I now began to consider seriously my condition, and the circumstance I was reduced to; and I drew up the state of my affairs in writing, not so much to leave them to any that were to come after me (for I was like to have but few heirs,) as to deliver my thoughts from daily poring upon them, and afflicting my mind: and as my reason began now to master my despondency, I began to comfort myself as well as I could, and to set the good against the evil, that I might have something to distinguish my case from worse; and I stated very impartially, like debtor and creditor, the comforts I enjoyed against the miseries I suffered, thus:
EVIL.
I am cast upon a horrible,
desolate island, void
of all
hope of recovery.
I am singled out and
separated,
as it were, from all
the
world, to be miserable.
I am divided from mankind,
a solitaire; one banished
from human society.
I have no clothes to
cover
me.
I am without any defence,
or means to resist any
violence
of man or beast.
I have no soul to speak
to,
or relieve me.
GOOD.
But I am alive; and
not
drowned, as all my ship’s
company
were.
But I am singled out too from all the ship’s crew, to be spared from death; and he that miraculously save me from death, can deliver me from this condition.
But I am not starved,
and
perishing in a barren
place,
affording no sustenance.
But I am in a hot climate,
where, if I had clothes,
I could
hardly wear them.
But I am cast on an island where I see no wild beast to hurt me, as I saw on the coast of Africa: and what if I had been shipwrecked there?
But God wonderfully sent the ship in near enough to the shore, that I have got out so many necessary things as will either supply my wants, or enable me to supply myself, even as long as I live.
Upon the whole, here was an undoubted testimony, that there was scarce any condition in the world so miserable, but there was something negative, or something positive, to be thankful for in it: and let this stand as a direction, from the experience of the most miserable of all conditions in this world, that we may always find in it something to comfort ourselves from, and to set, in the description of good and evil, on the credit side of the account.
Having now, brought my mind a little to relish my condition, and given over looking out to sea, to see if I could spy a ship; I say, giving over these things, I began to apply myself to accommodate my way of living, and to make things as easy to me as I could.
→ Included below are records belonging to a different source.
Lemma inB_fcat1_abelian T u : abelian (fseq_supp T) -> u \in 'C(fseq_supp T) ->
  inB (fcat T (fseq1 u)) <-> fseq_prod T * u = 1.
Proof.
move=> cTT cTu; rewrite inB_fcat fseq_supp_fcat abelianU fseq_supp1 abelian_set1.
by rewrite sub1set cTT cTu fseq_prod1.
Qed.

(* Tested against [fseq1 (u * p^-1)] with [u \in G'], an abelian [T'] tells
   [u = 1] from [u = e], a nonabelian [T] cannot. *)
Lemma simB_nonabelian_closed T T' : simB T T' ->
  ~~ abelian (fseq_supp T) -> ~~ abelian (fseq_supp T').
Proof.
move=> TT' ncTT; apply/negP => cT'T'; set p := fseq_prod T'.
have [e e1 De] := derived_pair; have eG' : e \in G' by rewrite De !inE eqxx orbT.
have on_T' u : u \in G' -> inB (fcat T (fseq1 (u * p^-1))) <-> u = 1.
  move=> uG'; have cT'u : u * p^-1 \in 'C(fseq_supp T').
    by rewrite groupM ?groupV ?fseq_prod_sub //; apply/centP => y _; apply: derived_central.
  by rewrite TT' inB_fcat1_abelian // mulgA -(derived_central p uG') mulgK.
have on_T u : u \in G' -> inB (fcat T (fseq1 (u * p^-1))) <-> inB (fcat T (fseq1 p^-1)).
  move=> uG'; rewrite !inB_fcat !fseq_supp_fcat !abelianU (negbTE ncTT) /= !fseq_prod1.
  by rewrite mulgA -(derived_central _ uG') -mulgA groupMl.
have : inB (fcat T (fseq1 (e * p^-1))).
  by apply/(on_T e eG')/(on_T 1 (group1 _)); apply/(on_T' 1 (group1 _)).
by move/(on_T' e eG')/eqP; rewrite (negbTE e1).
Qed.

Lemma inB_fpow23 S : inB (fpow S 2) -> inB (fpow S 3) -> inB S.
Proof.
rewrite !inBP !fseq_supp_fpow //.
have [c2 [c2G' -> c21]] := fseq_prod_fpow S (isT : 0 < 2).
have [c3 [c3G' -> c31]] := fseq_prod_fpow S (isT : 0 < 3).
rewrite (expgS _ 2); case: ifP => [cSS|_]; last first.
  by rewrite (groupMl _ c2G') (groupMl _ c3G') => /groupMr->.
by rewrite c21 // c31 // !mul1g => ->; rewrite mulg1.
Qed.

Lemma fseq_prod_fpow_abelian S k : abelian (fseq_supp S) -> 0 < k ->
  fseq_prod (fpow S k) = fseq_prod S ^+ k.
Proof. by move=> cSS /(fseq_prod_fpow S)[c [_ -> /(_ cSS)->]]; rewrite mul1g. Qed.

Lemma simB_fpow S a b : abelian (fseq_supp S) -> 0 < a -> 0 < b ->
  a = b %[mod #[fseq_prod S]] -> simB (fpow S a) (fpow S b).
Proof.
move=> cSS a0 b0 eq_ab; apply: simB_abelian; rewrite ?fseq_supp_fpow //.
by rewrite !fseq_prod_fpow_abelian // -expg_mod_order eq_ab expg_mod_order.
Qed.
I have already described my habitation, which was a tent under the side of a rock,—surrounded with a strong pale of posts and cables; but I might now rather call it a wall, for I raised a kind of wall against it of turfs, about two feet thick on the outside: and after some time (I think it was a year and a half) I raised rafters from it, leaning to the rock, and thatched or covered it with boughs of trees, and such things as I could get, to keep out the rain; which I found, at some times of the year, very violent.